Please restate exactly what appears in the records below from the first line to the line where "(0 : V) \notin Rs /\" is, that line included.

───── Records to process ─────

(* Let $\mu\in P$. (i) If $\omega\in P^+$ is minuscule, then $\mu_++w_\mu\omega\in P^+$. (iia) If $\mu_++w_\mu\alpha_0\notin P^+$, then $w_\mu\alpha_0=-\alpha_j$ for some $1\le j\le n$, and moreover $\langle\mu_+,\alpha_j^\vee\rangle=1$. (iib) If $\mu_++w_\mu\alpha_0\in P^+$ and $w_\mu\alpha_0\in R^-$, then $\langle\mu_+,(w_\mu\alpha_0)^\vee\rangle\le-2$.
   Context: Let $R$ be an irreducible reduced crystallographic root system of rank $n$ spanning a real Euclidean space $V$ with inner product $\langle\cdot,\cdot\rangle$; $\alpha^\vee:=2\alpha/\langle\alpha,\alpha\rangle$; $P$ the weight lattice; $R^+$ positive roots with simple roots $\alpha_1,\dots,\alpha_n$, $R^-:=-R^+$; $P^+$ the dominant weights; $\alpha_0\in R^+$ the root such that $\alpha_0^\vee$ is the highest root of $R^\vee$. A weight $\omega\in P^+$ is minuscule if $\omega\ne0$ and $\langle\omega,\alpha^\vee\rangle\in\{0,1\}$ for all $\alpha\in R^+$. $W_0$ is the finite Weyl group; for $\mu\in P$, $w_\mu$ is the shortest element of $W_0$ with $w_\mu\mu\in P^+$ and $\mu_+:=w_\mu\mu$. *)

From HB Require Import structures.
From mathcomp Require Import all_boot all_order all_algebra.
Set Implicit Arguments. Unset Strict Implicit. Unset Printing Implicit Defensive.
Import Order.TTheory GRing.Theory Num.Theory.
Local Open Scope ring_scope.

Section RootSystems.
Variables (R : realFieldType) (n : nat).
Notation V := 'rV[R]_n.

Definition dot (u v : V) : R := \sum_(i < n) u ord0 i * v ord0 i.

Definition coroot (a : V) : V := (2 / dot a a) *: a.

Definition pairing (x a : V) : R := dot x (coroot a).

Definition refl (a x : V) : V := x - pairing x a *: a.

Definition is_int (x : R) : Prop := exists z : int, x = z%:~R.

Definition irred_reduced_root_system (Rs : seq V) : Prop :=
  (0 : V) \notin Rs /\
      (forall v : V, exists c : 'I_(size Rs) -> R,
          v = \sum_(i < size Rs) c i *: Rs`_i) /\
      (forall a b, a \in Rs -> b \in Rs -> refl a b \in Rs) /\
      (forall a b, a \in Rs -> b \in Rs -> is_int (pairing b a)) /\
      (forall a b (c : R), a \in Rs -> b \in Rs -> b = c *: a -> c = 1 \/ c = -1) /\
    (forall S : pred V,
         (forall a b, a \in Rs -> b \in Rs -> S a -> ~~ S b -> dot a b = 0) ->
         (forall a, a \in Rs -> S a) \/ (forall a, a \in Rs -> ~~ S a)).

Definition is_base (Rs : seq V) (D : 'I_n -> V) : Prop :=
  (forall i, D i \in Rs) /\
  (forall b, b \in Rs -> exists k : 'I_n -> int,
      b = \sum_(i < n) (k i)%:~R *: D i /\
      ((forall i, 0 <= k i) \/ (forall i, k i <= 0))).

Definition pos_root (Rs : seq V) (D : 'I_n -> V) (b : V) : Prop :=
  b \in Rs /\ exists k : 'I_n -> int,
      b = \sum_(i < n) (k i)%:~R *: D i /\ (forall i, 0 <= k i).

Definition neg_root (Rs : seq V) (D : 'I_n -> V) (b : V) : Prop :=
  pos_root Rs D (- b).

Definition weight (Rs : seq V) (x : V) : Prop :=
  forall a, a \in Rs -> is_int (pairing x a).

Definition dominant (Rs : seq V) (D : 'I_n -> V) (x : V) : Prop :=
  weight Rs x /\ forall i, 0 <= pairing x (D i).

Definition minuscule (Rs : seq V) (D : 'I_n -> V) (w : V) : Prop :=
  dominant Rs D w /\ w <> 0 /\
  forall a, pos_root Rs D a -> pairing w a = 0 \/ pairing w a = 1.

(* alpha0 is a positive root such that alpha0^vee is the highest root of
   R^vee (w.r.t. the base of simple coroots alpha_i^vee) *)
Definition is_alpha0 (Rs : seq V) (D : 'I_n -> V) (a0 : V) : Prop :=
  pos_root Rs D a0 /\
  forall b, b \in Rs -> exists k : 'I_n -> int,
      coroot a0 - coroot b = \sum_(i < n) (k i)%:~R *: coroot (D i) /\
      (forall i, 0 <= k i).

(* Elements of W_0 given by words in the simple reflections:
   the word [:: i1; ...; ik] acts as s_{i1} ... s_{ik}. *)
Definition weyl_act (D : 'I_n -> V) (s : seq 'I_n) (x : V) : V :=
  foldr (fun i y => refl (D i) y) x s.

(* s is a word of minimal length among all words w with w mu dominant;
   then weyl_act D s is the shortest element w_mu of W_0 with w_mu mu in P^+. *)
Definition shortest_dominating_word (Rs : seq V) (D : 'I_n -> V)
    (mu : V) (s : seq 'I_n) : Prop :=
  dominant Rs D (weyl_act D s mu) /\
  forall t : seq 'I_n, dominant Rs D (weyl_act D t mu) -> (size s <= size t)%N.

End RootSystems.

(* Let w be a shortest word in the simple reflections with mu+ := w mu
   dominant.  The whole proof rests on one length argument: if b > 0 is a root
   with w b < 0, then w s_b is represented by a strictly shorter word
   (deletion), so minimality of w forces <mu+, (w b)^vee> <> 0.  Applied to the
   preimage b := w^-1 alpha_i of a simple root this gives
     (#)  w^-1 alpha_i < 0  ==>  <mu+, alpha_i^vee> >= 1.
   Since <w x, alpha_i^vee> = <x, b^vee>, part (i) follows from (#) and the
   pairing of a minuscule weight with roots taking values in {-1, 0, 1}.  For
   part (iia) we use that alpha_0 pairs nonnegatively with positive roots and
   that <alpha_0, b^vee> >= 2 forces b = alpha_0 (maximality of alpha_0^vee).
   Part (iib) is a computation: a dominant weight pairs nonnegatively with the
   positive root - w alpha_0. *)
From HB Require Import structures.
From mathcomp Require Import all_boot all_order all_algebra.
From mathcomp Require Import ring lra.
Set Implicit Arguments. Unset Strict Implicit. Unset Printing Implicit Defensive.
Import Order.TTheory GRing.Theory Num.Theory.
Local Open Scope ring_scope.

Section InnerProduct.
Variables (R : realFieldType) (n : nat).
Notation V := 'rV[R]_n.
Implicit Types u v x y a b : V.

Lemma dotC u v : dot u v = dot v u.
Proof. by apply: eq_bigr => i _; rewrite mulrC. Qed.

Lemma dotDl u v x : dot (u + v) x = dot u x + dot v x.
Proof. by rewrite /dot -big_split; apply: eq_bigr => i _; rewrite mxE mulrDl. Qed.

Lemma dotZl c u v : dot (c *: u) v = c * dot u v.
Proof. by rewrite /dot mulr_sumr; apply: eq_bigr => i _; rewrite mxE mulrA. Qed.

Lemma dotNl u v : dot (- u) v = - dot u v.
Proof. by rewrite -scaleN1r dotZl mulN1r. Qed.

Lemma dotDr u v x : dot x (u + v) = dot x u + dot x v.
Proof. by rewrite dotC dotDl !(dotC x). Qed.

Lemma dotZr c u v : dot v (c *: u) = c * dot v u.
Proof. by rewrite dotC dotZl dotC. Qed.

Lemma dotNr u v : dot v (- u) = - dot v u.
Proof. by rewrite dotC dotNl dotC. Qed.

Lemma dotBl u v x : dot (u - v) x = dot u x - dot v x.
Proof. by rewrite dotDl dotNl. Qed.

Lemma dotBr u v x : dot x (u - v) = dot x u - dot x v.
Proof. by rewrite dotDr dotNr. Qed.

Lemma dot_sumr (I : finType) (F : I -> V) v :
  dot v (\sum_i F i) = \sum_i dot v (F i).
Proof.
apply: (big_morph (dot v)) => [x y|]; first exact: dotDr.
by rewrite -(scale0r 0) dotZr mul0r.
Qed.

Lemma dot_ge0 v : 0 <= dot v v.
Proof. by apply: sumr_ge0 => i _; rewrite -expr2 sqr_ge0. Qed.

Lemma dot_gt0 v : v != 0 -> 0 < dot v v.
Proof.
move=> v_nz; rewrite lt_def dot_ge0 andbT; apply: contra v_nz => /eqP vv0.
have v_sq0 k : v 0 k * v 0 k = 0.
  by apply: (psumr_eq0P _ vv0) => // i _; rewrite -expr2 sqr_ge0.
apply/eqP/rowP => k; rewrite mxE.
by have /eqP := v_sq0 k; rewrite mulf_eq0 orbb => /eqP.
Qed.

Lemma dot_neq0 v : v != 0 -> dot v v != 0.
Proof. by move/dot_gt0; rewrite lt0r => /andP[]. Qed.

Lemma pairingE x a : pairing x a = 2 * dot x a / dot a a.
Proof. by rewrite /pairing /coroot dotZr mulrAC. Qed.

Lemma pairing_ge0E x a : a != 0 -> (0 <= pairing x a) = (0 <= dot x a).
Proof.
move=> a_nz; rewrite pairingE pmulr_lge0 ?invr_gt0 ?dot_gt0 //.
by rewrite pmulr_rge0.
Qed.

Lemma pairingDl x y a : pairing (x + y) a = pairing x a + pairing y a.
Proof. exact: dotDl. Qed.

Lemma pairingZl c x a : pairing (c *: x) a = c * pairing x a.
Proof. exact: dotZl. Qed.

Lemma pairingNr x a : pairing x (- a) = - pairing x a.
Proof. by rewrite !pairingE dotNr dotNl dotNr opprK mulrN mulNr. Qed.

Lemma pairing_aa a : a != 0 -> pairing a a = 2.
Proof. by move/dot_neq0 => aa_nz; rewrite pairingE; field. Qed.

Lemma reflD a x y : refl a (x + y) = refl a x + refl a y.
Proof. by rewrite /refl pairingDl scalerDl opprD addrACA. Qed.

Lemma reflZ a c x : refl a (c *: x) = c *: refl a x.
Proof. by rewrite /refl pairingZl scalerBr scalerA. Qed.

Lemma refl_self a : a != 0 -> refl a a = - a.
Proof.
by move=> a_nz; rewrite /refl pairing_aa // scaler_nat mulr2n opprD addNKr.
Qed.

Lemma refl_invol a x : a != 0 -> refl a (refl a x) = x.
Proof.
move=> a_nz; rewrite {2}/refl reflD -scaleNr reflZ refl_self //.
by rewrite /refl scaleNr scalerN opprK subrK.
Qed.

Lemma dot_refl a x y : a != 0 -> dot (refl a x) (refl a y) = dot x y.
Proof.
move/dot_neq0 => aa_nz; rewrite /refl !dotBl !dotBr !dotZl !dotZr !pairingE.
by rewrite (dotC a y); field.
Qed.

Lemma corootN a : coroot (- a) = - coroot a.
Proof. by rewrite /coroot dotNl dotNr opprK scalerN. Qed.

Lemma coroot_refl a b : a != 0 -> coroot (refl a b) = refl a (coroot b).
Proof. by move=> a_nz; rewrite /coroot dot_refl // reflZ. Qed.

Lemma coroot_coroot a : a != 0 -> coroot (coroot a) = a.
Proof.
move/dot_neq0 => aa_nz; rewrite {1}/coroot dotZl dotZr scalerA /coroot.
by rewrite -[RHS]scale1r; congr (_ *: _); field.
Qed.

Lemma coroot_inj a b : a != 0 -> b != 0 -> coroot a = coroot b -> a = b.
Proof.
by move=> a_nz b_nz eq_ab; rewrite -(coroot_coroot a_nz) eq_ab coroot_coroot.
Qed.

(* If <a, b^vee> = 2, then replacing b by - s_a b negates a^vee - b^vee; this
   is the reflection trick behind the maximality of alpha_0^vee. *)
Lemma coroot_diff_refl a b : a != 0 -> pairing a b = 2 ->
  coroot a - coroot (- refl a b) = - (coroot a - coroot b).
Proof.
move=> a_nz ab2; rewrite corootN coroot_refl // /refl.
have -> : pairing (coroot b) a *: a = 2 *: coroot a.
  rewrite /pairing dotC {1}/coroot dotZl -/(pairing a b) ab2 /coroot scalerA.
  by rewrite mulrC.
by apply/rowP => i; rewrite !mxE; ring.
Qed.

End InnerProduct.

Section Integrality.
Variable R : realFieldType.

Lemma is_intD (x y : R) : is_int x -> is_int y -> is_int (x + y).
Proof. by move=> [a ->] [b ->]; exists (a + b); rewrite intrD. Qed.

Lemma is_int_nat (k : nat) : is_int (k%:R : R).
Proof. by exists k%:Z. Qed.

Lemma is_int_gap (x y : R) : is_int x -> is_int y -> x < y -> x + 1 <= y.
Proof. by move=> [a ->] [b ->]; rewrite ltr_int -lezD1 -(ler_int R) intrD. Qed.

End Integrality.

Arguments is_int_nat {R} k.

Section WeylWords.
Variables (R : realFieldType) (n : nat).
Notation V := 'rV[R]_n.
Implicit Types x y a : V.
Variable D : 'I_n -> V.
Hypothesis D_neq0 : forall i, D i != 0.

Lemma weylD s x y : weyl_act D s (x + y) = weyl_act D s x + weyl_act D s y.
Proof. by elim: s => //= i s ->; rewrite reflD. Qed.

Lemma weylZ s c x : weyl_act D s (c *: x) = c *: weyl_act D s x.
Proof. by elim: s => //= i s ->; rewrite reflZ. Qed.

Lemma weylN s x : weyl_act D s (- x) = - weyl_act D s x.
Proof. by rewrite -scaleN1r weylZ scaleN1r. Qed.

Lemma dot_weyl s x y : dot (weyl_act D s x) (weyl_act D s y) = dot x y.
Proof. by elim: s => //= i s <-; rewrite dot_refl. Qed.

Lemma pairing_weyl s x a :
  pairing (weyl_act D s x) (weyl_act D s a) = pairing x a.
Proof. by rewrite !pairingE !dot_weyl. Qed.

Lemma weyl_refl s a x :
  weyl_act D s (refl a x) = refl (weyl_act D s a) (weyl_act D s x).
Proof. by rewrite /refl weylD weylN weylZ pairing_weyl. Qed.

Lemma weyl_rev s x : weyl_act D s (weyl_act D (rev s) x) = x.
Proof.
elim: s x => //= i s IHs x.
by rewrite rev_cons /weyl_act foldr_rcons -!/(weyl_act D _ _) IHs refl_invol.
Qed.

End WeylWords.

Section Base.
Variables (R : realFieldType) (n : nat).
Notation V := 'rV[R]_n.
Implicit Types x v a b : V.
Variables (Rs : seq V) (D : 'I_n -> V).
Hypothesis HR : irred_reduced_root_system Rs.
Hypothesis HB : is_base Rs D.

Lemma root_neq0 a : a \in Rs -> a != 0.
Proof. by case: HR => Rs0 _ a_in; apply: contraNneq Rs0 => <-. Qed.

─────

■ **Task solution**:
(* Let $\mu\in P$. (i) If $\omega\in P^+$ is minuscule, then $\mu_++w_\mu\omega\in P^+$. (iia) If $\mu_++w_\mu\alpha_0\notin P^+$, then $w_\mu\alpha_0=-\alpha_j$ for some $1\le j\le n$, and moreover $\langle\mu_+,\alpha_j^\vee\rangle=1$. (iib) If $\mu_++w_\mu\alpha_0\in P^+$ and $w_\mu\alpha_0\in R^-$, then $\langle\mu_+,(w_\mu\alpha_0)^\vee\rangle\le-2$.
   Context: Let $R$ be an irreducible reduced crystallographic root system of rank $n$ spanning a real Euclidean space $V$ with inner product $\langle\cdot,\cdot\rangle$; $\alpha^\vee:=2\alpha/\langle\alpha,\alpha\rangle$; $P$ the weight lattice; $R^+$ positive roots with simple roots $\alpha_1,\dots,\alpha_n$, $R^-:=-R^+$; $P^+$ the dominant weights; $\alpha_0\in R^+$ the root such that $\alpha_0^\vee$ is the highest root of $R^\vee$. A weight $\omega\in P^+$ is minuscule if $\omega\ne0$ and $\langle\omega,\alpha^\vee\rangle\in\{0,1\}$ for all $\alpha\in R^+$. $W_0$ is the finite Weyl group; for $\mu\in P$, $w_\mu$ is the shortest element of $W_0$ with $w_\mu\mu\in P^+$ and $\mu_+:=w_\mu\mu$. *)

From HB Require Import structures.
From mathcomp Require Import all_boot all_order all_algebra.
Set Implicit Arguments. Unset Strict Implicit. Unset Printing Implicit Defensive.
Import Order.TTheory GRing.Theory Num.Theory.
Local Open Scope ring_scope.

Section RootSystems.
Variables (R : realFieldType) (n : nat).
Notation V := 'rV[R]_n.

Definition dot (u v : V) : R := \sum_(i < n) u ord0 i * v ord0 i.

Definition coroot (a : V) : V := (2 / dot a a) *: a.

Definition pairing (x a : V) : R := dot x (coroot a).

Definition refl (a x : V) : V := x - pairing x a *: a.

Definition is_int (x : R) : Prop := exists z : int, x = z%:~R.

Definition irred_reduced_root_system (Rs : seq V) : Prop :=
  (0 : V) \notin Rs /\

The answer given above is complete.